## [What this task involves]
Reproduce all of the data exactly, with no line skipped.

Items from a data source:
Lemma mhom_widen n (p : {poly F}) : (size p <= n)%N -> mhom p = \sum_(i < n) p`_i *: mvec i.
Proof.
move=> hn; rewrite /mhom unlock (big_ord_widen n (fun i => p`_i *: mvec i) hn) big_mkcond.
apply: eq_bigr => i _; case: ltnP => // hi.
by rewrite nth_default ?scale0r.
Qed.

Lemma mhom_is_linear : linear mhom.
Proof.
move=> t p r; set n := maxn (size (t *: p + r)) (maxn (size p) (size r)).
rewrite !(mhom_widen (n := n)) ?leq_max ?leqnn ?orbT //.
rewrite scaler_sumr -big_split; apply: eq_bigr => i _.
by rewrite coefD coefZ scalerDl scalerA.
Qed.

HB.instance Definition _ := GRing.isLinear.Build F {poly F} V *:%R mhom mhom_is_linear.

Lemma mhom_Xn k : mhom 'X^k = mvec k.
Proof.
rewrite (mhom_widen (n := k.+1)) ?size_polyXn // big_ord_recr /= coefXn eqxx scale1r.
by rewrite big1 ?add0r // => i _; rewrite coefXn ltn_eqF ?scale0r.
Qed.

Lemma mhom1 : mhom 1 = v.
Proof. by rewrite -(expr0 'X) mhom_Xn. Qed.

Lemma mhom_AM p : mhom (AM p) = A (mhom p).
Proof.
rewrite -[p]coefK poly_def !linear_sum; apply: eq_bigr => i _.
by rewrite !linearZ /= AM_Xn linearD linearZ /= !mhom_Xn /= subrK.
Qed.

Lemma mhom_eigen (Z : {linear V -> V}) z :
  commutes Z A -> Z v = z *: v -> forall p, Z (mhom p) = z *: mhom p.
Proof.
move=> hZA hZv; have hZm k : Z (mvec k) = z *: mvec k.
  elim: k => [|k IHk] //=.
  by rewrite linearB linearZ /= hZA IHk linearZ /= scalerBr !scalerA mulrC.
move=> p; rewrite -[p]coefK poly_def !linear_sum; apply: eq_bigr => i _.
by rewrite !linearZ /= mhom_Xn hZm.
Qed.

Definition Bdefect p := B (mhom p) - mhom (BM p).

Lemma Bdefect_is_linear : linear Bdefect.
Proof. by move=> t x y; exact: (linearP ((B \o mhom) \- (mhom \o BM))). Qed.

HB.instance Definition _ := GRing.isLinear.Build F {poly F} V *:%R Bdefect Bdefect_is_linear.

Let mhomZ t p : mhom (t *: p) = t *: mhom p. Proof. exact: linearZZ. Qed.
Let mhomD p r : mhom (p + r) = mhom p + mhom r. Proof. exact: raddfD. Qed.
Let mhomB p r : mhom (p - r) = mhom p - mhom r. Proof. exact: raddfB. Qed.

Let hs := qDV_neq0 hq hq4.
Let mhom_gamma p : gamma_op q A B C (mhom p) = gammaM q a b c lam *: mhom p.
Proof. exact: mhom_eigen (gamma_op_commutes_A hV) hgamma p. Qed.
Let mhom_beta p : beta_op q A B C (mhom p) = betaM q a b c lam *: mhom p.
Proof. exact: mhom_eigen (beta_op_commutes_A hV) hbeta p. Qed.

Let C_mhom_expand p : C (mhom p) = (gammaM q a b c lam / (q + q^-1)) *: mhom p
  - (q ^+ 2 - q^-2)^-1 *: (q *: A (B (mhom p)) - q^-1 *: B (A (mhom p))).
Proof. by rewrite (C_gamma_op A B C hs) mhom_gamma scalerA mulrC. Qed.

Let mhom_CM_expand p : mhom (CM p) = (gammaM q a b c lam / (q + q^-1)) *: mhom p
  - (q ^+ 2 - q^-2)^-1 *: (q *: mhom (AM (BM p)) - q^-1 *: mhom (BM (AM p))).
Proof. by rewrite /CM mhomB !mhomZ mhomB !mhomZ. Qed.

Lemma C_mhom x : B (mhom x) = mhom (BM x) -> B (mhom (AM x)) = mhom (BM (AM x)) ->
  C (mhom x) = mhom (CM x).
Proof.
move=> hB0 hB1; rewrite C_mhom_expand mhom_CM_expand hB0 -[A (mhom x)]mhom_AM hB1.
by rewrite mhom_AM.
Qed.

## [Answer for the task]
Lemma mhom_widen n (p : {poly F}) : (size p <= n)%N -> mhom p = \sum_(i < n) p`_i *: mvec i.
Proof.
move=> hn; rewrite /mhom unlock (big_ord_widen n (fun i => p`_i *: mvec i) hn) big_mkcond.
apply: eq_bigr => i _; case: ltnP => // hi.
by rewrite nth_default ?scale0r.
Qed.

Lemma mhom_is_linear : linear mhom.
Proof.
move=> t p r; set n := maxn (size (t *: p + r)) (maxn (size p) (size r)).
rewrite !(mhom_widen (n := n)) ?leq_max ?leqnn ?orbT //.
rewrite scaler_sumr -big_split; apply: eq_bigr => i _.
by rewrite coefD coefZ scalerDl scalerA.
Qed.

HB.instance Definition _ := GRing.isLinear.Build F {poly F} V *:%R mhom mhom_is_linear.

Lemma mhom_Xn k : mhom 'X^k = mvec k.
Proof.
rewrite (mhom_widen (n := k.+1)) ?size_polyXn // big_ord_recr /= coefXn eqxx scale1r.
by rewrite big1 ?add0r // => i _; rewrite coefXn ltn_eqF ?scale0r.
Qed.

Lemma mhom1 : mhom 1 = v.
Proof. by rewrite -(expr0 'X) mhom_Xn. Qed.

Lemma mhom_AM p : mhom (AM p) = A (mhom p).
Proof.
rewrite -[p]coefK poly_def !linear_sum; apply: eq_bigr => i _.
by rewrite !linearZ /= AM_Xn linearD linearZ /= !mhom_Xn /= subrK.
Qed.

Lemma mhom_eigen (Z : {linear V -> V}) z :
  commutes Z A -> Z v = z *: v -> forall p, Z (mhom p) = z *: mhom p.
Proof.
move=> hZA hZv; have hZm k : Z (mvec k) = z *: mvec k.
  elim: k => [|k IHk] //=.
  by rewrite linearB linearZ /= hZA IHk linearZ /= scalerBr !scalerA mulrC.
move=> p; rewrite -[p]coefK poly_def !linear_sum; apply: eq_bigr => i _.
by rewrite !linearZ /= mhom_Xn hZm.
Qed.

Definition Bdefect p := B (mhom p) - mhom (BM p).

Lemma Bdefect_is_linear : linear Bdefect.
Proof. by move=> t x y; exact: (linearP ((B \o mhom) \- (mhom \o BM))). Qed.

HB.instance Definition _ := GRing.isLinear.Build F {poly F} V *:%R Bdefect Bdefect_is_linear.

Let mhomZ t p : mhom (t *: p) = t *: mhom p. Proof. exact: linearZZ. Qed.
Let mhomD p r : mhom (p + r) = mhom p + mhom r. Proof. exact: raddfD. Qed.
Let mhomB p r : mhom (p - r) = mhom p - mhom r. Proof. exact: raddfB. Qed.

Let hs := qDV_neq0 hq hq4.
Let mhom_gamma p : gamma_op q A B C (mhom p) = gammaM q a b c lam *: mhom p.
Proof. exact: mhom_eigen (gamma_op_commutes_A hV) hgamma p. Qed.
Let mhom_beta p : beta_op q A B C (mhom p) = betaM q a b c lam *: mhom p.
Proof. exact: mhom_eigen (beta_op_commutes_A hV) hbeta p. Qed.

Let C_mhom_expand p : C (mhom p) = (gammaM q a b c lam / (q + q^-1)) *: mhom p
  - (q ^+ 2 - q^-2)^-1 *: (q *: A (B (mhom p)) - q^-1 *: B (A (mhom p))).
Proof. by rewrite (C_gamma_op A B C hs) mhom_gamma scalerA mulrC. Qed.

Let mhom_CM_expand p : mhom (CM p) = (gammaM q a b c lam / (q + q^-1)) *: mhom p
  - (q ^+ 2 - q^-2)^-1 *: (q *: mhom (AM (BM p)) - q^-1 *: mhom (BM (AM p))).
Proof. by rewrite /CM mhomB !mhomZ mhomB !mhomZ. Qed.

Lemma C_mhom x : B (mhom x) = mhom (BM x) -> B (mhom (AM x)) = mhom (BM (AM x)) ->
  C (mhom x) = mhom (CM x).
Proof.
move=> hB0 hB1; rewrite C_mhom_expand mhom_CM_expand hB0 -[A (mhom x)]mhom_AM hB1.
by rewrite mhom_AM.
Qed.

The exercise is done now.